### EXERCISE DETAILS
What is needed is an exact transcription of every record.

════════

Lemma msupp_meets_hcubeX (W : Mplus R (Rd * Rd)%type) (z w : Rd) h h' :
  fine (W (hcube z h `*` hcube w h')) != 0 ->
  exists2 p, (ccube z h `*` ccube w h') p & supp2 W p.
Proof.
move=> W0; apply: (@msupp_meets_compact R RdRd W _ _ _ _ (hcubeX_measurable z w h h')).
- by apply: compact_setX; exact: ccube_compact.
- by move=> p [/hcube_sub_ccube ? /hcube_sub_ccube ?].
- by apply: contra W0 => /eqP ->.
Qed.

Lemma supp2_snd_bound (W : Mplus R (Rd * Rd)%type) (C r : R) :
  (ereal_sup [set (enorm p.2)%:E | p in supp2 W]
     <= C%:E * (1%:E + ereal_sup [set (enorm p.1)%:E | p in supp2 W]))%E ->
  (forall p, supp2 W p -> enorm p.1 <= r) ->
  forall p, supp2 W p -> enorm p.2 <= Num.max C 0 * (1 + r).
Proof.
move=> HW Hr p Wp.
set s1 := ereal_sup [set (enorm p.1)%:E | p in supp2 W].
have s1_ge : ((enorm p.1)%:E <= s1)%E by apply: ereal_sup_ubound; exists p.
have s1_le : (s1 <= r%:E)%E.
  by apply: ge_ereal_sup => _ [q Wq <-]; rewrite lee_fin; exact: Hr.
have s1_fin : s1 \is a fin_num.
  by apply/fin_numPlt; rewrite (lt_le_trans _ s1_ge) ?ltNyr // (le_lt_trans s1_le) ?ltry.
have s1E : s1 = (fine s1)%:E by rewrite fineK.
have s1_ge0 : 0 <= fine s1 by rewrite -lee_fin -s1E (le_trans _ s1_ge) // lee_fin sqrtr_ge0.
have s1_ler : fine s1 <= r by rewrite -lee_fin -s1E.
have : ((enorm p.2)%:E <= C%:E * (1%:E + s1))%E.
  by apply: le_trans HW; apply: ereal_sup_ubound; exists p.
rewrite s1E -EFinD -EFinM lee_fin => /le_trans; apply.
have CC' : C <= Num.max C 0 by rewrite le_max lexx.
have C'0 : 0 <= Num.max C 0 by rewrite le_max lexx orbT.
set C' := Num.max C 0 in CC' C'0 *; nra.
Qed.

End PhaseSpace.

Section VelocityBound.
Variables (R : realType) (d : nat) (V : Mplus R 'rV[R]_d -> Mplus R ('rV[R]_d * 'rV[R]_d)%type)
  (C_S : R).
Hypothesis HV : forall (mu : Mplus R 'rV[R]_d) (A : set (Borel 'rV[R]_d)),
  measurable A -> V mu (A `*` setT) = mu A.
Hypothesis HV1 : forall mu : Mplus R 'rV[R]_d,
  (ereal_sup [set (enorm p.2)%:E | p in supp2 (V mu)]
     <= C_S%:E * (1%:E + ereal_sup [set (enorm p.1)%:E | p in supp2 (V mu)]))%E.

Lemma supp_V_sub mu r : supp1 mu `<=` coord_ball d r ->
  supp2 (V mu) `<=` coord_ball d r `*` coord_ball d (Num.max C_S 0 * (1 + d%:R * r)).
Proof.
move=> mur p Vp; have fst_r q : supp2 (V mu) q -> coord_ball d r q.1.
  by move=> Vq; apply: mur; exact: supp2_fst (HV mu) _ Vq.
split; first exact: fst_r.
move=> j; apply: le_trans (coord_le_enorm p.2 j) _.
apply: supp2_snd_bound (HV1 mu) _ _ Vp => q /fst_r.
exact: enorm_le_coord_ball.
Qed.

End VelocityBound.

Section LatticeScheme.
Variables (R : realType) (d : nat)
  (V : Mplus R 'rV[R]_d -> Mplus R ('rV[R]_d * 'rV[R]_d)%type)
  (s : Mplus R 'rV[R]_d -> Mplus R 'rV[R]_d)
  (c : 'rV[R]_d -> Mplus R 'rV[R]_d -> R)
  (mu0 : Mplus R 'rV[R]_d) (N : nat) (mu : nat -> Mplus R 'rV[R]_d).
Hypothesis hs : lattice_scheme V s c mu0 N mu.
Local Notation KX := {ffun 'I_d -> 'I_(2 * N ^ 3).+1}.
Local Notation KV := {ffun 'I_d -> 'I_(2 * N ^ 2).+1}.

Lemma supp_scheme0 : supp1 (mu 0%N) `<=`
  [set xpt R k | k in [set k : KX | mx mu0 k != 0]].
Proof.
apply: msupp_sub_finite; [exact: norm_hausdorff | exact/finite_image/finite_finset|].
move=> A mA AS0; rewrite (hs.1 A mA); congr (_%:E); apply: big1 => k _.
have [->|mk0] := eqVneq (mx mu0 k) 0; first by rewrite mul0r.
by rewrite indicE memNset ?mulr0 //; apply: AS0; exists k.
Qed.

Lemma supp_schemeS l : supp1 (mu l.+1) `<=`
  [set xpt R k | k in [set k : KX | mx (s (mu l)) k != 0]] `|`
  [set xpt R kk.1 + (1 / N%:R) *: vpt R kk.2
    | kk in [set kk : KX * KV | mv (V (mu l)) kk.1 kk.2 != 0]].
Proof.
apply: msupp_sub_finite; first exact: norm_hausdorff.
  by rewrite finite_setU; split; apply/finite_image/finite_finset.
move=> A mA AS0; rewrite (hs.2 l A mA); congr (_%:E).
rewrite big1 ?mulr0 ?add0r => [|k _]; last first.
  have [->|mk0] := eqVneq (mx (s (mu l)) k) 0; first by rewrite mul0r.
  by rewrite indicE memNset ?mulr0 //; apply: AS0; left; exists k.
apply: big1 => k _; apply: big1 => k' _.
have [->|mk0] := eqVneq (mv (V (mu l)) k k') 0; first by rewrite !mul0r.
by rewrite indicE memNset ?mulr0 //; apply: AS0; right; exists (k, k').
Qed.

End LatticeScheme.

════════

### ANSWER FOR THE TASK
Lemma msupp_meets_hcubeX (W : Mplus R (Rd * Rd)%type) (z w : Rd) h h' :
  fine (W (hcube z h `*` hcube w h')) != 0 ->
  exists2 p, (ccube z h `*` ccube w h') p & supp2 W p.
Proof.
move=> W0; apply: (@msupp_meets_compact R RdRd W _ _ _ _ (hcubeX_measurable z w h h')).
- by apply: compact_setX; exact: ccube_compact.
- by move=> p [/hcube_sub_ccube ? /hcube_sub_ccube ?].
- by apply: contra W0 => /eqP ->.
Qed.

Lemma supp2_snd_bound (W : Mplus R (Rd * Rd)%type) (C r : R) :
  (ereal_sup [set (enorm p.2)%:E | p in supp2 W]
     <= C%:E * (1%:E + ereal_sup [set (enorm p.1)%:E | p in supp2 W]))%E ->
  (forall p, supp2 W p -> enorm p.1 <= r) ->
  forall p, supp2 W p -> enorm p.2 <= Num.max C 0 * (1 + r).
Proof.
move=> HW Hr p Wp.
set s1 := ereal_sup [set (enorm p.1)%:E | p in supp2 W].
have s1_ge : ((enorm p.1)%:E <= s1)%E by apply: ereal_sup_ubound; exists p.
have s1_le : (s1 <= r%:E)%E.
  by apply: ge_ereal_sup => _ [q Wq <-]; rewrite lee_fin; exact: Hr.
have s1_fin : s1 \is a fin_num.
  by apply/fin_numPlt; rewrite (lt_le_trans _ s1_ge) ?ltNyr // (le_lt_trans s1_le) ?ltry.
have s1E : s1 = (fine s1)%:E by rewrite fineK.
have s1_ge0 : 0 <= fine s1 by rewrite -lee_fin -s1E (le_trans _ s1_ge) // lee_fin sqrtr_ge0.
have s1_ler : fine s1 <= r by rewrite -lee_fin -s1E.
have : ((enorm p.2)%:E <= C%:E * (1%:E + s1))%E.
  by apply: le_trans HW; apply: ereal_sup_ubound; exists p.
rewrite s1E -EFinD -EFinM lee_fin => /le_trans; apply.
have CC' : C <= Num.max C 0 by rewrite le_max lexx.
have C'0 : 0 <= Num.max C 0 by rewrite le_max lexx orbT.
set C' := Num.max C 0 in CC' C'0 *; nra.
Qed.

End PhaseSpace.

Section VelocityBound.
Variables (R : realType) (d : nat) (V : Mplus R 'rV[R]_d -> Mplus R ('rV[R]_d * 'rV[R]_d)%type)
  (C_S : R).
Hypothesis HV : forall (mu : Mplus R 'rV[R]_d) (A : set (Borel 'rV[R]_d)),
  measurable A -> V mu (A `*` setT) = mu A.
Hypothesis HV1 : forall mu : Mplus R 'rV[R]_d,
  (ereal_sup [set (enorm p.2)%:E | p in supp2 (V mu)]
     <= C_S%:E * (1%:E + ereal_sup [set (enorm p.1)%:E | p in supp2 (V mu)]))%E.

Lemma supp_V_sub mu r : supp1 mu `<=` coord_ball d r ->
  supp2 (V mu) `<=` coord_ball d r `*` coord_ball d (Num.max C_S 0 * (1 + d%:R * r)).
Proof.
move=> mur p Vp; have fst_r q : supp2 (V mu) q -> coord_ball d r q.1.
  by move=> Vq; apply: mur; exact: supp2_fst (HV mu) _ Vq.
split; first exact: fst_r.
move=> j; apply: le_trans (coord_le_enorm p.2 j) _.
apply: supp2_snd_bound (HV1 mu) _ _ Vp => q /fst_r.
exact: enorm_le_coord_ball.
Qed.

End VelocityBound.

Section LatticeScheme.
Variables (R : realType) (d : nat)
  (V : Mplus R 'rV[R]_d -> Mplus R ('rV[R]_d * 'rV[R]_d)%type)
  (s : Mplus R 'rV[R]_d -> Mplus R 'rV[R]_d)
  (c : 'rV[R]_d -> Mplus R 'rV[R]_d -> R)
  (mu0 : Mplus R 'rV[R]_d) (N : nat) (mu : nat -> Mplus R 'rV[R]_d).
Hypothesis hs : lattice_scheme V s c mu0 N mu.
Local Notation KX := {ffun 'I_d -> 'I_(2 * N ^ 3).+1}.
Local Notation KV := {ffun 'I_d -> 'I_(2 * N ^ 2).+1}.

Lemma supp_scheme0 : supp1 (mu 0%N) `<=`
  [set xpt R k | k in [set k : KX | mx mu0 k != 0]].
Proof.
apply: msupp_sub_finite; [exact: norm_hausdorff | exact/finite_image/finite_finset|].
move=> A mA AS0; rewrite (hs.1 A mA); congr (_%:E); apply: big1 => k _.
have [->|mk0] := eqVneq (mx mu0 k) 0; first by rewrite mul0r.
by rewrite indicE memNset ?mulr0 //; apply: AS0; exists k.
Qed.

Lemma supp_schemeS l : supp1 (mu l.+1) `<=`
  [set xpt R k | k in [set k : KX | mx (s (mu l)) k != 0]] `|`
  [set xpt R kk.1 + (1 / N%:R) *: vpt R kk.2
    | kk in [set kk : KX * KV | mv (V (mu l)) kk.1 kk.2 != 0]].
Proof.
apply: msupp_sub_finite; first exact: norm_hausdorff.
  by rewrite finite_setU; split; apply/finite_image/finite_finset.
move=> A mA AS0; rewrite (hs.2 l A mA); congr (_%:E).
rewrite big1 ?mulr0 ?add0r => [|k _]; last first.
  have [->|mk0] := eqVneq (mx (s (mu l)) k) 0; first by rewrite mul0r.
  by rewrite indicE memNset ?mulr0 //; apply: AS0; left; exists k.
apply: big1 => k _; apply: big1 => k' _.
have [->|mk0] := eqVneq (mv (V (mu l)) k k') 0; first by rewrite !mul0r.
by rewrite indicE memNset ?mulr0 //; apply: AS0; right; exists (k, k').
Qed.

End LatticeScheme.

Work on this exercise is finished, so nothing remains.